# Naruto Forums Pilot Pokemon Tournament



## Yung Dio (Jan 5, 2018)

Hey everyone.
Some time ago, I posted a thread seeing if anyone would be interested if I were to host a series of Pokemon tournaments ().

I will explain how these tournaments will go:
Every battle will take place on the Pokemon Showdown simulator (). a) it records battles which can be linked onto the forum; b) it allows for accessibility to those who may not have the games but still want to play and c) it's quicker for people to team-build.
I will be holding leaderboards to make this a bit more competitive. Prizes may be included once the 1st actual tournament starts (think of this one as a dummy one to see how things go).
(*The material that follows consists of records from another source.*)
Lemma circ_integral_spanfun_hpowD (nu : {measure set R -> \bar R}) K
    (c1 c2 : 'I_K.+1 -> R[i]) (m : int) :
  (nu (argI t0) < +oo)%E ->
  circ_integral t0 nu (fun z => spanfun t0 (fun k => c1 k + c2 k) z * hpow t0 m z) =
  circ_integral t0 nu (fun z => spanfun t0 c1 z * hpow t0 m z) +
  circ_integral t0 nu (fun z => spanfun t0 c2 z * hpow t0 m z).
Proof.
have mI : measurable (argI t0) by exact: measurable_itv.
move=> nuI; rewrite /circ_integral.
pose e := fun k : 'I_K.+1 => (k : nat)%:R + (m - K%:Z)%:~R / 2 : R.
rewrite (@eq_cint _ _ _ _ (trigsum c1 e \+ trigsum c2 e)); last first.
  by move=> t /set_mem It; rewrite /= spanfunD mulrDl !spanfun_hpow_expiC.
rewrite cintD //; [|exact: cintegrable_trigsum..].
by congr (_ + _); apply: eq_cint => t /set_mem It; rewrite spanfun_hpow_expiC.
Qed.

Lemma circ_integral_hatmu (mu : {measure set R -> \bar R}) phi K
    (c : 'I_K.+1 -> R[i]) (m : int) :
  circ_integral t0 (hatmu mu phi) (fun z => spanfun t0 c z * hpow t0 m z) =
  cint mu (argI t0)
    (fun t => spanfun t0 c (expiC t) * hpow t0 m (expiC t) * (hatw phi t)%:C).
Proof.
have mI : measurable (argI t0) by exact: measurable_itv.
pose e := fun k : 'I_K.+1 => (k : nat)%:R + (m - K%:Z)%:~R / 2 : R.
rewrite /circ_integral (@eq_cint _ _ _ _ (trigsum c e)); last first.
  by move=> t /set_mem It; rewrite spanfun_hpow_expiC.
rewrite (@cint_density _ mu _ _ _ _ (@hatw_ge0 R phi) (measurable_hatw phi)) //.
- by apply: eq_cint => t /set_mem It; rewrite spanfun_hpow_expiC.
- exact: measurable_Re_trigsum.
- under eq_fun do rewrite Im_trigsum; exact: measurable_Re_trigsum.
Qed.

End spanfun_on_circle.

Section Xpoly.
Variable R : realType.

Lemma sum_Xpoly M (d : 'I_M.+2 -> R[i]) x :
  \sum_(k < M.+2) d k * x ^+ k = (Xpoly d).[x].
Proof.
rewrite (@horner_coef_wide _ M.+2) ?size_poly //.
by apply: eq_bigr => k _; rewrite coef_poly ltn_ord inord_val.
Qed.

Lemma size_Xpoly_cofactor M (d : 'I_M.+2 -> R[i]) q a :
  Xpoly d = q * ('X - a%:P) ^+ 2 -> (size q <= M)%N.
Proof.
move=> d_factor; have [->|q_neq0] := eqVneq q 0; first by rewrite size_poly0.
have := size_poly M.+2 (fun k => d (inord k)); rewrite -/(Xpoly d) d_factor.
rewrite size_mul ?size_exp_XsubC ?expf_neq0 ?polyXsubC_eq0 //.
by rewrite addnS /= addn2 !ltnS.
Qed.

Lemma Xpoly_eq0 t0 M (d : 'I_M.+2 -> R[i]) z : Xpoly d = 0 -> spanfun t0 d z = 0.
Proof.
move=> d0; rewrite /spanfun big1 // => k _.
have := coef_poly M.+2 (fun k => d (inord k)) k.
by rewrite ltn_ord inord_val -/(Xpoly d) d0 coef0 => <-; rewrite mul0r.
Qed.

End Xpoly.

Section hatw_identities.
Variable R : realType.
Implicit Types phi t : R.

Lemma hatwE phi t : (hatw phi t)%:C = 2 - expiC (t - phi) - expiC (phi - t).
Proof.
have cos_half a : cos a = 1 - 2 * sin (a / 2) ^+ 2.
  by rewrite {1}(splitr a) -mulr2n cos_mulr2n cos2sin2; ring.
rewrite /hatw /expiC -[phi - t]opprB cosN sinN.
by apply/eqP; rewrite eq_complex /= cos_half; apply/andP; split; apply/eqP; ring.
Qed.

Lemma hatw_sqr phi t :
  expiC t * - expiC phi * (hatw phi t)%:C = (expiC t - expiC phi) ^+ 2.
Proof.
rewrite hatwE.
have t_phi : expiC t = expiC phi * expiC (t - phi) by rewrite expiCD subrKC.
have inv : expiC (phi - t) * expiC (t - phi) = 1 by rewrite expiCD subrKA subrr expiC0.
rewrite t_phi; set v := expiC phi; set w := expiC (t - phi).
transitivity ((v * w - v) ^+ 2 + v ^+ 2 * (expiC (phi - t) * w - 1)); first by ring.
by rewrite inv subrr mulr0 addr0.
Qed.

End hatw_identities.

Section double_root_on_circle.
Variables (R : realType) (t0 phi : R) (M : nat).
Variables (d : 'I_M.+2 -> R[i]) (q : {poly R[i]}).
Hypothesis Xpoly_factor : Xpoly d = q * ('X - (expiC phi)%:P) ^+ 2.
Hypothesis size_q : (size q <= M)%N.

Local Notation y := (fun k : 'I_M.+1 => - expiC phi * q`_k).

Lemma hatw_cofactor_expiC (m : int) t : argI t0 t ->
  spanfun t0 y (expiC t) * hpow t0 m (expiC t) * (hatw phi t)%:C =
  spanfun t0 d (expiC t) * hpow t0 (m - 1) (expiC t).
Proof.
move=> It; rewrite !spanfun_hpow_expiC // !trigsum_shift sum_Xpoly Xpoly_factor.
under eq_bigr do rewrite -mulrA.
rewrite -mulr_sumr -(horner_coef_wide _ (leqW size_q)).
rewrite hornerM horner_exp hornerXsubC.
set u := expiC t; set b := ((m - 1 - M.+1%:Z)%:~R / 2).
have -> : ((m - M%:Z)%:~R / 2) = b + 1.
  by rewrite /b !intrD !intrN -!pmulrn -addn1 natrD; field.
rewrite mulrDl mul1r -expiCD -/u -(hatw_sqr phi t) -/u.
by ring.
Qed.

Lemma circ_integral_hatmu_cofactor (mu : {measure set R -> \bar R}) (m : int) :
  circ_integral t0 (hatmu mu phi) (fun z => spanfun t0 y z * hpow t0 m z) =
  circ_integral t0 mu (fun z => spanfun t0 d z * hpow t0 (m - 1) z).
Proof.
rewrite circ_integral_hatmu; apply: eq_cint => t /set_mem It.
exact: hatw_cofactor_expiC.
Qed.

End double_root_on_circle.

Lemma phi_conditions_add (R : realType) (t0 : R) r
    (nu : 'I_r -> {measure set R -> \bar R}) (n : 'I_r -> nat)
    (c c' : 'I_(totn n).+1 -> R[i]) :
  (forall j, (nu j (argI t0) < +oo)%E) ->
  phi_conditions t0 nu n c -> c' ord_max = 0 ->
  (forall j (l : 'I_(n j)), circ_integral t0 (nu j)
     (fun z => spanfun t0 c' z * hpow t0 ((n j)%:Z - (2 * l)%:Z) z) = 0) ->
  phi_conditions t0 nu n (fun k => c k + c' k).
Proof.
move=> nu_fin [c_max c_orth] c'_max c'_orth.
split; first by rewrite c_max c'_max addr0.
by move=> j l; rewrite circ_integral_spanfun_hpowD // c_orth c'_orth addr0.
Qed.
Now for the actual tournament 
For this tournament, as it is a pilot tour, we will be playing Battle Factory. For those that do not know what that is, Pokemon Showdown randomises the players' teams, balances them and gives them viable movesets. I would do random battles but I thought this would be more fair . This will be a single elimination tournament. There will be a third place play-off.

Players: 
*Spoiler*: __ 




1. @Yung Dio
2. @Priscilla
3. @Charlotte D. Kurisu
4. @Packard
5. @Haruka Katana  (i love your name)
6. @Serene Grace
7. @Alaude
8. @Aduro 
9. @Atlantic Storm




Round 1 replays:
*Spoiler*: __ 




Charlotte D. Kurisu vs Packard: 




Tagging players that showed interest: @White Wolf @Nep Nep @Baba @Charlotte D. Kurisu @Utopia Realm @Zatch Braff @Pandamonium

If you would like to join, comment down below and I will add you to the player list and then decide who plays who.

Reactions: Friendly 2


----------



## Katou (Jan 5, 2018)

I'll join...as long as there's a rule about us using only Gen 1-4 Pokemon and Poke Moves

Reactions: Like 1


----------



## Haruka Katana (Jan 5, 2018)

I'm not sure if I want to join but I'll summon people that plays this.

@Blu-ray @Hussain @Packard

Reactions: Informative 1 | Useful 2


----------



## Baba (Jan 5, 2018)

I'm not good at making teams

Reactions: Funny 1 | Friendly 1


----------



## Katou (Jan 5, 2018)

also .. can we ban Legendary?


----------



## Haruka Katana (Jan 5, 2018)

Yung Dio said:


> I would do  but I thought this would be more fair . This will be a single elimination tournament. There will be a third place play-off.


when you do random battles do you mean we use randomized teams or we have to make a pokemon team?


----------



## Yung Dio (Jan 5, 2018)

Priscilla said:


> also .. can we ban Legendary?


Battle Factory means they randomise the teams but they balance them and make them fair, so you're not gonna see Lugia's and Kyogre's running around.


Haruka Katana said:


> when you do random battles do you mean we use randomized teams or we have to make a pokemon team?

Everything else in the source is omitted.